# Pawn shop score or not score?



## ranman (Oct 27, 2017)

I think I scored at a pawn shop today. They had a Porter Cable router kit for $69. They had a pair of dial calipers for $22. 
I asked if they would take $50 for the router............. facial expressions told me no ........ so I said "how about $50 if I buy the calipers too"? ($22)
So $72 later I walked out with the router+case calipers+case. 
The router is the same model Porter Cable router that I recently purchased new for $170. 690LR
Unlike the new router I recently bought, this used one has the case, the plunge base, the standard base and a guide plus both collets. That combo is at least $206 from Amazon.
https://www.amazon.com/PORTER-CABLE-693LRPK-Fixed-Router-Plunge/dp/B00006411C

The Chinese calipers can probably be purchased new for $30, but I still think I done good overall. Router has signs of use, but sings like a brand new one and it's American made. I suppose that can tell me about how old it is? I know it's been used a fair amount as the cord is in good condition but the plug end has been replaced. Bearings feel good and tight. 
Now I can leave one router in my router lift permanently instead of switching back and forth, and I have three bases.......... one "pre-owned" standard base to use and abuse. An identical brand nes base to use on more delicate surfaces because it's plastic base is not scratched up, plus a plunge base and a plastic carrying case with all accessories still in it. Both routers have the 1/4" and 1/2" collets
I don't see the PC 690 being bragged about here a lot, but I like it.
Anyway, felt like a decent deal since the router sounds so nice.


----------



## BrianS (Nov 7, 2004)

Sounds like a good deal to me. I have an older PC 690, and am very pleased with it. I have the plunge base, and the D-handle base with it.


----------



## ranman (Oct 27, 2017)

I had a friend who owned 5 of them, so that's why I bought one. There is one funky looking black plate thingy in the kit. I'm assuming it's a guide but don't know what it's for. It has a U shape on one end and holes for the steel rods to mount to the router. That U shaped end of that plate........ is it a pivot for cutting circles?


----------



## Terry Q (Mar 2, 2017)

I have two porter cable 690 routers. Never had a problem with one, but because it’s a fixed speed router you can’t use it with larger mass bits.
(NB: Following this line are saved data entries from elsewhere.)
Lemma seq_image_of_zerops {A0 B0 A B} (e1 : Fo F A0 = A) (e2 : Fo F B0 = B) :
  seq_image_of (zerops X (A:=A0) (B:=B0)) (zerops Y (A:=A) (B:=B)).
Proof.
  intros n. apply image_of_zero; [|exact e2].
  clear e2. revert A0 A e1. induction n as [|n IH]; intros A0 A e1; [exact e1|].
  apply IH. destruct e1. exact (Fprod F A0 A0).
Qed.

Lemma seq_image_of_pairps {C0 A0 B0 C A B} (f0 : preseq X C0 A0) (g0 : preseq X C0 B0)
  (f : preseq Y C A) (g : preseq Y C B) :
  seq_image_of f0 f -> seq_image_of g0 g -> seq_image_of (pairps X f0 g0) (pairps Y f g).
Proof. intros Hf Hg n. apply image_of_pair; auto. Qed.

Lemma seq_image_of_Tps {A0 B0 A B} (g0 : preseq X A0 B0) (g : preseq Y A B) :
  seq_image_of g0 g -> seq_image_of (Tps X g0) (Tps Y g).
Proof.
  intros H. pose proof (seq_image_of_src _ _ H) as e.
  change (seq_image_of (pairps X (lact X (p0 A0 A0) g0) (Dps X g0))
                       (pairps Y (lact Y (p0 A A) g) (Dps Y g))).
  apply seq_image_of_pairps; [apply seq_image_of_lact | apply seq_image_of_Dps]; auto.
  apply image_of_p0; exact e.
Qed.

Lemma seq_image_of_Tn n : forall {A0 B0 A B} (g0 : preseq X A0 B0) (g : preseq Y A B),
  seq_image_of g0 g -> seq_image_of (Tn X n g0) (Tn Y n g).
Proof. induction n; intros; simpl; auto using seq_image_of_Tps. Qed.

Lemma seq_image_of_compps {A0 B0 C0 A B C} (f0 : preseq X A0 B0) (g0 : preseq X B0 C0)
  (f : preseq Y A B) (g : preseq Y B C) :
  seq_image_of f0 f -> seq_image_of g0 g -> seq_image_of (compps X f0 g0) (compps Y f g).
Proof. intros Hf Hg n. apply image_of_comp; [apply (seq_image_of_Tn n _ _ Hf 0) | apply Hg]. Qed.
I once tried flush trimming an edge on a thick table top. Went out to buy a flush trim bit that was longer then 1 inch. Ended up with a 3/4 round, 1 1/2 long bit. Chucked it up, turned it on, and chewed the heck out of my table top because I couldn’t control the router. I made the top a little smaller and started over with a variable speed router and had no problem controlling the router. Learned an important lesson that day.

And yes, that is a great score. 


In woodworking there is always more then one way to accomplish something.


----------



## woodknots (Mar 7, 2012)

ranman said:


> I had a friend who owned 5 of them, so that's why I bought one. There is one funky looking black plate thingy in the kit. I'm assuming it's a guide but don't know what it's for. It has a U shape on one end and holes for the steel rods to mount to the router. That U shaped end of that plate........ is it a pivot for cutting circles?


I've had a PC690 for a number of years and always liked it. Sounds like you got a good deal.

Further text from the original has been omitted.